Après onze ans d’hibernation politique, Michel Gauthier sort de sa grotte pour s’afficher partisan des conservateurs. Y a-t-il vraiment de quoi justifier toute l’effervescence enregistrée dans certains médias? Il y a très peu de gens qui se souciaient de l’opinion de l’ancien député péquiste et bloquiste la semaine dernière et il y a fort à parier qu’il en sera à nouveau ainsi la semaine prochaine.
C’est l’approche centralisatrice du gouvernement Trudeau qui aurait fait sortir l’intéressé de sa tanière pour venir vanter les mérites des gouvernements Mulroney et Harper qui, de son point de vue, traitaient mieux le Québec. Il semble que son hibernation ne lui a pas permis d’observer la dernière élection fédérale avec la ruée massive des Québécois vers le Parti libéral du Canada qui ont préféré tourner le dos aux néo-démocrates et aux bloquistes pour être sûr de se débarrasser de Stephen Harper.
Les penchants conservateurs de Gauthier devaient déjà être présents lorsqu’il était député. Il faut se rappeler que c’est Lucien Bouchard, député conservateur déçu du rejet de Meech, qui a fondé le Bloc avec quelques autres députés de même couleur, exception faite de Jean Lapierre et Gilles Rocheleau qui provenaient des libéraux.

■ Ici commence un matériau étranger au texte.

Lemma le_limn_esup u v : (\forall n \near \oo, u n <= v n) ->
  limn_esup u <= limn_esup v.
Proof.
move=> uv; apply: le_ereal_inf_tmp => _ [V oV <-].
apply: le_trans (ereal_inf_lbound _) _.
  by exists (V `&` [set n | u n <= v n]); first exact: filterI.
apply: ge_ereal_sup => _ [n [Vn /le_trans uvn] <-]; apply: uvn.
by apply: ereal_sup_ubound; exists n.
Qed.

Lemma limn_esup_lt u c : limn_esup u < c -> \forall n \near \oo, u n < c.
Proof.
move=> /ereal_inf_lt[_ [V oV <-]] Vc; apply: filterS oV => n Vn.
by apply: le_lt_trans Vc; apply: ereal_sup_ubound; exists n.
Qed.

Lemma limn_esupD_le u v : limn_esup u \is a fin_num -> limn_esup v \is a fin_num ->
  limn_esup (fun n => u n + v n) <= limn_esup u + limn_esup v.
Proof.
move=> uf vf; apply/lee_addgt0Pr => e e0; apply: limn_esup_le.
have e20 : (0 < e / 2)%R by rewrite divr_gt0.
have eu : \forall n \near \oo, u n < limn_esup u + (e / 2)%:E.
  by apply: limn_esup_lt; rewrite lteDl ?lte_fin.
have ev : \forall n \near \oo, v n < limn_esup v + (e / 2)%:E.
  by apply: limn_esup_lt; rewrite lteDl ?lte_fin.
near=> n.
rewrite [e]splitr EFinD addeACA; apply: ltW.
by apply: lteD; [near: n; exact: eu|near: n; exact: ev].
Unshelve. all: by end_near. Qed.

End limn_esup_bounds.

Section finitely_additive.
Context {T : Type} {R : realDomainType} (mu : set T -> R).
Hypothesis mu_ge0 : forall A, 0 <= mu A.
Hypothesis muU : forall A B, A `&` B = set0 -> mu (A `|` B) = mu A + mu B.

Lemma fadd_set0 : mu set0 = 0.
Proof. by apply: (@addrI _ (mu set0)); rewrite addr0 -muU ?setU0 ?setI0. Qed.

Lemma fadd_setUD A B : mu (A `|` B) = mu A + mu (B `\` A).
Proof. by rewrite -muU ?setDIK // setUDr setDv setD0. Qed.

Lemma le_fadd A B : A `<=` B -> mu A <= mu B.
Proof. by move=> AB; rewrite -(setUidr AB) fadd_setUD lerDl. Qed.

Lemma fadd_setU_le A B : mu (A `|` B) <= mu A + mu B.
Proof. by rewrite fadd_setUD lerD2l le_fadd // => x []. Qed.

End finitely_additive.

Definition interleave {T : Type} (u v : nat -> T) n := if odd n then v n./2 else u n./2.

Lemma interleave_comp {T U : Type} (f : T -> U) (u v : nat -> T) n :
  f (interleave u v n) = interleave (f \o u) (f \o v) n.
Proof. by rewrite /interleave; case: ifP. Qed.

Lemma interleave_forall {T : Type} (P : T -> Prop) (u v : nat -> T) :
  (forall n, P (u n)) -> (forall n, P (v n)) -> forall n, P (interleave u v n).
Proof. by move=> Pu Pv n; rewrite /interleave; case: ifP. Qed.

Lemma bigcup_interleave {T : Type} (I J : nat -> set T) :
  \bigcup_n interleave I J n = (\bigcup_n I n) `|` (\bigcup_n J n).
Proof.
apply/seteqP; split=> x.
  by case=> n _; rewrite /interleave; case: ifP => _; [right|left]; exists n./2.
case=> -[n _ x_n]; first by exists n.*2 => //; rewrite /interleave odd_double doubleK.
by exists n.*2.+1 => //; rewrite /interleave /= odd_double /= uphalf_double.
Qed.

Lemma nneseries_interleave_le {R : realType} (f g : (\bar R)^nat) :
  (forall n, (0 <= f n)%E) -> (forall n, (0 <= g n)%E) ->
  (\sum_(n <oo) interleave f g n <= \sum_(n <oo) f n + \sum_(n <oo) g n)%E.
Proof.
move=> f0 g0; have fg0 n : (0 <= interleave f g n)%E by rewrite /interleave; case: ifP.
have sum_double n : (\sum_(0 <= i < n.*2) interleave f g i =
    \sum_(0 <= i < n) f i + \sum_(0 <= i < n) g i)%E.
  elim: n => [|n IH]; first by rewrite !big_geq // adde0.
  rewrite doubleS !big_nat_recr //= IH /interleave /= odd_double /= doubleK.
  by rewrite uphalf_double -addeA addeACA.
apply: lime_le; first exact: is_cvg_nneseries.
apply: nearW => n; apply: (@le_trans _ _ (\sum_(0 <= i < n.*2) interleave f g i)%E).
  by apply: ereal_nondecreasing_series => //; rewrite -addnn leq_addr.
by rewrite sum_double; apply: leeD; exact: nneseries_lim_ge.
Qed.

Section small_sets.
Context {R : realType} {X : metricType R}.

Lemma compact_closed_gap (F C : set X) :
  compact F -> closed C -> F `&` C = set0 ->
  exists2 d : R, 0 < d & forall y z, F y -> C z -> d <= mdist y z.
Proof.
move=> cF cC FC0.
pose P N y := forall z, C z -> N.+1%:R^-1 <= mdist y z.
suff [N _ /(_ N (leqnn N)) FP] : \forall N \near \oo, F `<=` P N.
  by exists N.+1%:R^-1 => [|y z /FP]; [rewrite invr_gt0 ltr0Sn|apply].
apply: ((compact_near_coveringP F).1 cF nat \oo P) => y Fy.
have /nbhs_ballP[e /= e0 yeC] : nbhs y (~` C).
  apply: open_nbhs_nbhs; split; first exact: closed_openC.
  by move=> Cy; have : (F `&` C) y by []; rewrite FC0.
have e20 : 0 < e / 2 by rewrite divr_gt0.
have [N0 _ N0e] := near_infty_natSinv_lt (PosNum e20).
exists (ball y (e / 2), [set N | (N0 <= N)%N]).
  by split; [exact: nbhsx_ballx|exists N0].
case=> x N [/= + /N0e /= Ne] z Cz; rewrite ballEmdist /= => yx.
have yz : e <= mdist y z.
  by rewrite leNgt; apply/negP => yz; apply: (yeC z) => //; rewrite ballEmdist.
have := metric_triangle y x z; move: Ne; set a := N.+1%:R^-1; lra.
Qed.

Lemma boundary_nbhs_small_diam (A U : set X) : compact [set: X] -> open A ->
  open U -> boundary A `<=` U ->
  exists2 d : R, 0 < d & forall B, diam_le B d -> ~ B `<=` A -> B `&` A `<=` U.
Proof.
move=> cX oA oU AU.
have cAC : compact (~` A) := subclosed_compact (open_closedC oA) cX (@subsetT _ _).
have clAU : closed (closure A `\` U).
  by rewrite setDE; apply: closedI; [exact: closed_closure|exact: open_closedC].
have [|d d0 gap] := compact_closed_gap cAC clAU.
  apply/seteqP; split => // y [Ay [clAy /(_ (AU _ _))]]; apply.
  by split => // /interior_subset.
exists (d / 2) => [|B Bd BA x [Bx Ax]]; first by rewrite divr_gt0.
apply: contrapT => Ux; apply: BA => y By; apply: contrapT => Ay.
have := gap y x Ay (conj (subset_closure Ax) Ux); have := Bd y x By Bx; lra.
Qed.

Lemma diam_le_set0 (r : R) : diam_le (@set0 X) r.
Proof. by move=> x y []. Qed.

Lemma le_diam (B : set X) (r s : R) : r <= s -> diam_le B r -> diam_le B s.
Proof. by move=> rs Br x y Bx By; exact: le_trans (Br x y Bx By) rs. Qed.

End small_sets.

Quant au Parti québécois des années 80, il se présentait comme une coalition arc-en-ciel qui regroupait des candidats de différentes tendances dans le spectre politique gauche-droite. Il ne faudrait donc pas voir dans la sortie de Gauthier un virage idéologique, mais beaucoup plus sa renonciation personnelle au projet souverainiste en tentant de l’expliquer par le désengagement des autres.
Je suis loin d’être certain qu’il aurait eu droit au même espace médiatique s’il avait annoncé qu’il joignait les néo-démocrates ou qu’il retournait au Bloc. Les pérégrinations des partis indépendantistes ont le don de faire jaser beaucoup alors que celles des partis fédéralistes se perdent rapidement dans le décor. Avec le tiers de la population québécoise favorable à la souveraineté, Michel Gauthier aurait pu choisir de sauter dans la mêlée en affirmant vouloir raviver le projet indépendantiste, mais il n’aurait pas eu toute l’attention qu’il s’est mérité en faisant ses « sparages » au congrès conservateur.
Faute d’un Québec qui assume entièrement son destin, Justin Trudeau constitue un choix de moindre mal par rapport aux conservateurs d’Andrew Scheer et leur relent de droite religieuse. La détermination du premier ministre canadien à vouloir autoriser la culture du cannabis à son domicile, malgré les volontés contraires du Québec et du Manitoba, se révèle un des sujets épineux qui ont suscité la gronde de l’ex-chef bloquiste. Il a droit à son opinion, mais cette querelle entre Ottawa et Québec ne saurait justifier un retour en arrière avec les conservateurs.
L’ex-député pourra continuer de grommeler s’il ne souhaite pas retourner à son hibernation, mais je doute fortement de son influence sur la suite du monde.